Top 5 Biomimicry Robots to Look For in 2021
How Roboticists have already taken moves in robot design with biomimicry?
While robots and robotic fantasies have lived for over two millennia in some form, in our world of fast-evolving cheap technologies, we are only starting to see their expected benefits succeed. Robots are now penetrating our homes for household work. They are cooking our food, making our vehicles, milking our cattle, doing surgery, and treating us. Robots are vulnerable to fewer mistakes, need less maintenance, and are more economical. As a consequence, the performance rates are much higher. And now roboticists have already taken moves in robot design with biomimicry, i.e. biomimicry robots.
Although bio-inspired technology is learning from the natural world and developing a process that is easier and more efficient than the method found in nature, biomimicry is copying from nature. Biomimetic robotics research is being performed presently in several research institutions across the globe with the goal of creating a range of biomimetic robots with a much higher degree of operation competence and reliability in unfamiliar settings than the robots already in use.
Here are the top 5 Biomimicry Robots:
In nature, bees are one of the most important insects. Therefore, for more than 10 years, the researchers at Harvard SEAS have been working to develop RoboBees, eventually achieving the first flight in 2013. Using the same wings they use to fly in the air, the RoboBees will dive from the air, into the sea, and continue to swim underwater. Other than pollinating flowers, they may be used for a variety of applications. For ecological surveillance, biological experiments, and rescue operations, RoboBees can also be used.
BigDog was founded by Boston Dynamics, a company formerly owned by Google. They are known as Softbank Group today. Such robust robots can operate at magnificently high speeds and could be beneficial for carrying heavy loads around them. To support soldiers in carrying supplies, it acts as a pack animal.

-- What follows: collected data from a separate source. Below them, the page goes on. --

Hypothesis sqcomplete : forall u, sqcauchy u -> exists l, sqcvg u l.

Theorem orthogonal_projection (M : set V) p : is_subspace M ->
  exists2 l, seq_closure M l & forall x, M x -> ip (p - l) x = 0.
Proof.
move=> subM; have M0 : M 0 by case: subM.
pose S := [set sqnorm (p - x) | x in M].
have S_lb : has_lbound S by exists 0 => _ [x _ <-]; apply: sqnorm_ge0.
have S_n0 : S !=set0 by exists (sqnorm (p - 0)), 0.
have d_le x : M x -> inf S <= sqnorm (p - x) by move=> Mx; apply: ge_inf => //; exists x.
have /choice [m mP] : forall k, exists x, M x /\ sqnorm (p - x) < inf S + k.+1%:R^-1.
  move=> k; have k_gt0 : 0 < k.+1%:R^-1 :> R by [].
  by have [_ [x Mx <-]] := inf_adherent k_gt0 (conj S_n0 S_lb); exists x.
have Mm k : M (m k) by case: (mP k).
have m_min k : sqnorm (p - m k) < inf S + k.+1%:R^-1 by case: (mP k).
have [l ml] := sqcomplete (minimizing_sqcauchy subM Mm d_le m_min).
exists l; first by exists m.
exact: (minimizing_limit_orthogonal subM Mm d_le m_min ml).
Qed.

End PreHilbert.

Section HilbertSpace.
Variables (R : realType) (H : completeNormedModType (C R)) (ip : H -> H -> R[i]).
Hypothesis hip : inner_product ip.
Local Open Scope complex_scope.
Local Notation sqn := (sqnorm ip).

Lemma inner_product_hermitian : positive_hermitian_form ip.
Proof. by case: hip => *; split. Qed.

Local Notation hH := inner_product_hermitian.

Lemma normr_real (x : H) : `|x| = (Re `|x|)%:C.
Proof. by apply: complex_ext => //=; apply: ger0_Im. Qed.

Lemma normr_lt_sqnorm (x : H) (r : R) : 0 < r -> (`|x| < r%:C) = (sqn x < r ^+ 2).
Proof.
move=> r_gt0; set n := Re `|x|; have nE : `|x| = n%:C := normr_real x.
have n_ge0 : 0 <= n by have := normr_ge0 x; rewrite nE lecR.
have -> : sqn x = n ^+ 2 by rewrite /sqnorm -(ip_norm hip) nE -rmorphXn.
by rewrite nE ltcR ltr_sqr ?nnegrE // ltW.
Qed.

Lemma closureP_sqnorm (A : set H) z :
  closure A z <-> forall eps : R, 0 < eps -> exists2 a, A a & sqn (z - a) < eps.
Proof.
split=> [clA eps eps_gt0|approx B /nbhs_ballP[r r_gt0 rB]].
  have s_gt0 : 0 < Num.sqrt eps by rewrite sqrtr_gt0.
  have [a [Aa]] : A `&` ball z (Num.sqrt eps)%:C !=set0.
    apply: clA; apply/nbhs_ballP.
    by exists (Num.sqrt eps)%:C => //=; rewrite -[0]/(0%:C) ltcR.
  rewrite -ball_normE /= normr_lt_sqnorm // sqr_sqrtr ?ltW // => za.
  by exists a.
have [rE r0] := gt0_complex_real r_gt0.
have [a Aa za] := approx _ (exprn_gt0 2 r0).
exists a => /=; split => //; apply: rB.
by rewrite -ball_normE /= rE normr_lt_sqnorm.
Qed.

Lemma closure2P_sqnorm (A : set (H * H)) p :
  closure A p <-> forall eps : R, 0 < eps ->
    exists2 q, A q & sqn (p.1 - q.1) < eps /\ sqn (p.2 - q.2) < eps.
Proof.
split=> [clA eps eps_gt0|approx B /nbhs_ballP[r r_gt0 rB]].
  have s_gt0 : 0 < Num.sqrt eps by rewrite sqrtr_gt0.
  have [q [Aq [b1 b2]]] : A `&` ball p (Num.sqrt eps)%:C !=set0.
    apply: clA; apply/nbhs_ballP.
    by exists (Num.sqrt eps)%:C => //=; rewrite -[0]/(0%:C) ltcR.
  move: b1 b2; rewrite -!ball_normE /= !normr_lt_sqnorm // sqr_sqrtr ?ltW //.
  by exists q.
have [rE r0] := gt0_complex_real r_gt0.
have [q Aq [q1 q2]] := approx _ (exprn_gt0 2 r0).
exists q => /=; split => //; apply: rB.
by split; rewrite -ball_normE /= rE normr_lt_sqnorm.
Qed.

Built by MIT engineers, a robotic fish named SoFi does a really good job of looking like yet another fish in the ocean. Its rippling motion looks just like another fish, and the controller is a waterproof Super Nintendo remote that controls it, just like playing video games. On board, there is a light control unit that can change the air flow to allow the fish to rise or dive quickly. The outcome is a robot which, for longer periods of time, can travel in all directions in the ocean.
For the past few years, Festo has been building secretly on their most innovative bio-inspired robot, yet invincible hopping robotic kangaroo, in their massive German laboratory den. It can mimic the hopping behavior of real kangaroos in a practical way, which ensures that it can regain energy effectively from one leap to help it make another hop. The actual kangaroos would get very tired easily without this skill, but by using their tendons like elastic strings, the animals can attach easily for considerable periods of time at high velocities.
An underwater robot designed to move and look like a manta ray has been developed by researchers from the National University of Singapore, which better disguises the computer in its aquatic environment. The MantaDroid is intended to be used in underwater monitoring and studies of marine biodiversity.